Tuesday, September 8, 2009

Aging Gracefully..:)



Another year passed. Ive turned 30. With so many unfulfilled dreams and desires, I felt as if I'm on the edge. I know deep within I am not satisfied with the things around me. I wonder why, sometimes.

There are so many things that I want to achieve. Yes, I am an achiever. I was not like this 10 years ago but after knowing the true creator, it became clear to me, why I am here for. I was lost but now, I am found. Yet, this clarity requires faith. Hence, this scripture that Ive always keep with me,"To Live by faith and not by sight" 2 Corinthians 5:7.

Ive capture just a glimpse of the "clarity". The clarity to build the dance ministry. The clarity of seeing "arrows" shooting out of Melbourne to SE and globally. Ive kept this in my heart since Oct 2002.

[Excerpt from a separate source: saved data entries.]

(* Let $s$ be a positive integer with $s\equiv 2\pmod 3$. Then $s(3s-1)\neq (mk^{2}-(m-2)k)p$ for all positive integers $m,k$ with $m\not\equiv 0\pmod 3$ and all primes $p\equiv 1\pmod 3$. *)

From mathcomp Require Import all_boot all_order all_algebra.

From mathcomp Require Import all_boot all_order all_algebra.
Import GRing.Theory Num.Theory.
Local Open Scope ring_scope.

(* Reduce modulo 3. Since s = 2 and p = 1 there, the left-hand side becomes
   s (3s - 1) = 2 (3 * 2 - 1) = 1, while m k^2 - (m - 2) k = m k (k - 1) + 2k
   is 0 or 2 for m a unit of Z/3Z, as a finite check shows. *)

Lemma Z3_natr_mod (n : nat) : (n%:R : 'Z_3) = (n %% 3)%:R.
Proof. exact/esym/Zp_nat_mod. Qed.

Lemma Z3_natr_eq0 (n : nat) : ((n%:R : 'Z_3) == 0) = (n %% 3 == 0)%N.
Proof. by rewrite -(inj_eq (@ord_inj _)) val_Zp_nat. Qed.

Lemma Z3_polygonal_neq1 (m k : 'Z_3) : m != 0 -> m * k ^+ 2 - (m - 2) * k != 1.
Proof. by move: m k; do 2!case=> [[|[|[|//]]] ?]. Qed.

Lemma Z3_pentagonal (s : nat) :
  (s %% 3 = 2)%N -> ((s%:Z * (3 * s%:Z - 1))%:~R : 'Z_3) = 1.
Proof.
by move=> s3; rewrite intrM intrB intrM -!pmulrn Z3_natr_mod s3; apply/eqP.
Qed.

Lemma Z3_polygonal_mul (m k p : nat) : (p %% 3 = 1)%N ->
  (((m%:Z * k%:Z ^+ 2 - (m%:Z - 2) * k%:Z) * p%:Z)%:~R : 'Z_3) =
  m%:R * k%:R ^+ 2 - (m%:R - 2) * k%:R.
Proof.
by move=> p3; rewrite !expr2 !(intrM, intrB) -!pmulrn (Z3_natr_mod p) p3 mulr1.
Qed.

Theorem lemma2p4 (s : nat) :
  (0 < s)%N -> (s %% 3 = 2)%N ->
  forall (m k p : nat), (0 < m)%N -> (0 < k)%N -> (m %% 3 != 0)%N ->
    prime p -> (p %% 3 = 1)%N ->
    (s%:Z * (3 * s%:Z - 1)) !=
      ((m%:Z * k%:Z ^+ 2 - (m%:Z - 2) * k%:Z) * p%:Z).
Proof.
move=> _ s3 m k p _ _ m3 _ p3; apply/eqP => /(congr1 (intmul (1 : 'Z_3))).
rewrite Z3_pentagonal // Z3_polygonal_mul // => /esym/eqP.
by apply/negP/Z3_polygonal_neq1; rewrite Z3_natr_eq0.
Qed.
Definition set_prod (I J : K -> Prop) : K -> Prop := fun z =>
  exists (n : nat) (a b : nat -> K), (forall i, (i < n)%N -> I (a i) /\ J (b i)) /\
    z = \sum_(i < n) a i * b i.

Definition invertible_ideal (R I : K -> Prop) : Prop :=
  forall z, set_prod I (colon R I) z <-> R z.

Definition prufer (R : K -> Prop) : Prop :=
  forall I, ideal R I -> finitely_generated R I -> (exists x, I x /\ x != 0) ->
    invertible_ideal R I.

Definition maximal_ideal (R M : K -> Prop) : Prop :=
  ideal R M /\ (exists x, R x /\ ~ M x) /\
  forall J, ideal R J -> (forall x, M x -> J x) ->
    (forall x, J x <-> M x) \/ (forall x, J x <-> R x).

Definition semilocal (R : K -> Prop) : Prop :=
  exists (n : nat) (M : nat -> K -> Prop), forall N, maximal_ideal R N ->
    exists k, (k < n)%N /\ forall x, N x <-> M k x.

(* Integrally closed (in K, the quotient field of every overring). *)
Definition integral_over (R : K -> Prop) (x : K) : Prop :=
  exists p : {poly K}, p \is monic /\ (forall i, R p`_i) /\ root p x.

Definition integrally_closed (R : K -> Prop) : Prop :=
  forall x, integral_over R x -> R x.

End Defs.

(* Pruefer domains are integrally closed, so if x is integral over R but not in R, the
   overrings containing the coefficients of an equation of x but not x form a
   constructible neighbourhood of R that contains no Pruefer ring.

   Conversely, let R be integrally closed. A basic constructible neighbourhood of R
   imposes finitely many conditions F <= T, which R satisfies, and finitely many
   conditions "F is not contained in T", each witnessed by an element of F outside R.
   By Krull's theorem every such witness is avoided by a valuation overring of R, and
   the intersection of these finitely many valuation rings lies in the neighbourhood.
   A finite intersection A of valuation rings V_1, ..., V_n is semilocal (a maximal
   ideal containing no unit of V_j is the ideal of nonunits of V_j) and Pruefer: for a
   nonzero finitely generated ideal I, Nagata's elements 1 / (1 + y + ... + y^M) give,
   for each j, an element of I (A : I) that is a unit of V_j, and an avoidance argument
   turns these into a common unit, so that I (A : I) = A. *)

From mathcomp Require Import all_boot all_algebra.
From mathcomp Require Import ring zify.
From mathcomp Require boolp classical_sets.
From Stdlib Require Import Classical.
Set Implicit Arguments. Unset Strict Implicit. Unset Printing Implicit Defensive.
Import GRing.Theory.
Local Open Scope ring_scope.

Section Subring.
Variables (K : fieldType) (A : K -> Prop).
Hypothesis SA : subring A.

The year is 8th September 2009. As I looked through the years that Ive lived, I truly have to say that Ive not wasted my time since Ive accepted Christ, my Lord back in 28th May 2001. Indeed, knowing Him will always be the best thing in my life. No amount of joy or sufferings will ever substitute this relationship. Even if I am to die tomorrow, I know that Ive lived to please Him and follow His ways. I shall die with no regrets.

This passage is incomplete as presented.